START DATA FOR ANALYSIS

(* The monic division of [tight_num] by [tight_den] leaves the remainder
   [- 169344 * (4 k^2 - 26 k + 15)], which [tight_den k] must then divide; the
   Bezout relation between [tight_den] and this quadratic bounds [tight_den k]. *)
Lemma tight_den_le k M : 1 <= k -> 168 * M * tight_den k = tight_num k ->
  tight_den k <= 11025 * 169344.
Proof.
move=> hk hE.
set j := k ^ 4 + 14 * k ^ 3 - 133 * k ^ 2 + 2638 * k - 10584 - 168 * M.
have hj : j * tight_den k = 169344 * (4 * k ^ 2 - 26 * k + 15).
  by rewrite /j Z.mul_sub_distr_r hE tight_num_divmod; ring.
set cof := 169344 * (14248 - 2432 * k) + (608 * k ^ 2 + 16806 * k + 227233) * j.
have hcof : tight_den k * cof = 169344 * - 11025.
  rewrite -(tight_den_bezout k); transitivity (169344 * (14248 - 2432 * k) * tight_den k
    + (608 * k ^ 2 + 16806 * k + 227233) * (j * tight_den k)); first by rewrite /cof; ring.
  by rewrite hj; ring.
have hD : 0 < tight_den k by rewrite /tight_den; nia.
have cof_neg : cof <= -1 by nia.
nia.
Qed.

Lemma tight_den_root_le k M : 1 <= k -> 168 * M * tight_den k = tight_num k -> k <= 1231.
Proof.
move=> hk /(tight_den_le hk); rewrite /tight_den; nia.
Qed.

Definition tight_divides (k : nat) : bool :=
  Z.eqb (tight_num (Z.of_nat k) mod (168 * tight_den (Z.of_nat k))) 0.

Lemma tight_divides_small :
  all (fun k => tight_divides k ==> (k \in [:: 2; 4; 9]%nat)) (iota 2 1230)%nat.
Proof. by vm_compute. Qed.

Lemma tight_size_cases (n M : nat) : (2 <= n)%nat ->
  (M * 168 * (n * n * n + 27 * n * n + 356 * n - 240)
   = n * (n + 6) * (n + 5) * ((n * n + 15 * n + 8) * (n * n + 15 * n + 8)))%nat ->
  (n, M) \in [:: (2, 2); (4, 9); (9, 96)]%nat.
Proof.
move=> hn hE.
have hZ : 168 * Z.of_nat M * tight_den (Z.of_nat n) = tight_num (Z.of_nat n).
  rewrite /tight_den /tight_num; lia.
have hD : 0 < tight_den (Z.of_nat n) by rewrite /tight_den; nia.
have hdiv : tight_divides n.
  by rewrite /tight_divides -hZ -(Z.mul_comm (Z.of_nat M)) -Z.mul_assoc Z.mod_mul //; lia.
have hle : (n <= 1231)%nat by have := @tight_den_root_le (Z.of_nat n) _ ltac:(lia) hZ; lia.
have := allP tight_divides_small n; rewrite mem_iota hdiv; move/(_ ltac:(lia)) => /=.
rewrite !inE => /or3P[] /eqP en; subst n.
- by have -> : M = 2%nat by lia.
- by have -> : M = 9%nat by lia.
- by have -> : M = 96%nat by lia.
Qed.

End TightSize.

Lemma tight_size_natE (R : realType) (n M : nat) : (2 <= n)%N ->
  M%:R = (n%:R * (n%:R + 6) * (n%:R + 5) * (n%:R ^+ 2 + 15 * n%:R + 8) ^+ 2)
    / (168 * (n%:R ^+ 3 + 27 * n%:R ^+ 2 + 356 * n%:R - 240)) :> R ->
  (M * 168 * (n * n * n + 27 * n * n + 356 * n - 240)
   = n * (n + 6) * (n + 5) * ((n * n + 15 * n + 8) * (n * n + 15 * n + 8)))%N.
Proof.
move=> n_ge2 hM.
have n2 : 2 <= n%:R :> R by rewrite ler_nat.
have den_gt0 : 0 < n%:R ^+ 3 + 27 * n%:R ^+ 2 + 356 * n%:R - 240 :> R.
  by rewrite !exprS expr0 !mulr1; nra.
have h240 : (240 <= n * n * n + 27 * n * n + 356 * n)%N by nia.
apply/eqP; rewrite -(eqr_nat R) !natrM (natrB _ h240) !natrD !natrM hM.
by apply/eqP; field; lra.
Qed.

Theorem mainTheorem9 (R : realType) (n : nat) (hn : (2 <= n)%N)
  (Y : seq 'rV[R]_n) :
  uniq Y -> all (@on_sphere R n) Y ->
  harmonic_index_design (pred2 8%N 2%N) Y ->
  (size Y)%:R <>
    (n%:R * (n%:R + 6) * (n%:R + 5) * (n%:R ^+ 2 + 15 * n%:R + 8) ^+ 2)
    / (168 * (n%:R ^+ 3 + 27 * n%:R ^+ 2 + 356 * n%:R - 240)) :> R.
Proof.
move=> _ hS hD hsz.
have := TightSize.tight_size_cases hn (tight_size_natE hn hsz).
rewrite !inE => /or3P[] /eqP[en eY]; subst n.
- exact: no_tight_design_dim2 hS hD eY.
- exact: no_tight_design_dim4 hS hD eY.
- exact: no_tight_design_dim9 hS hD eY.
Qed.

END DATA FOR ANALYSIS

• WORK REQUIRED
Return nothing but the lines from the first line of the listing through the line with "move=> hk hE.", please, keeping every one of them unchanged.

• ANSWER TO THIS TASK
(* The monic division of [tight_num] by [tight_den] leaves the remainder
   [- 169344 * (4 k^2 - 26 k + 15)], which [tight_den k] must then divide; the
   Bezout relation between [tight_den] and this quadratic bounds [tight_den k]. *)
Lemma tight_den_le k M : 1 <= k -> 168 * M * tight_den k = tight_num k ->
  tight_den k <= 11025 * 169344.
Proof.
move=> hk hE.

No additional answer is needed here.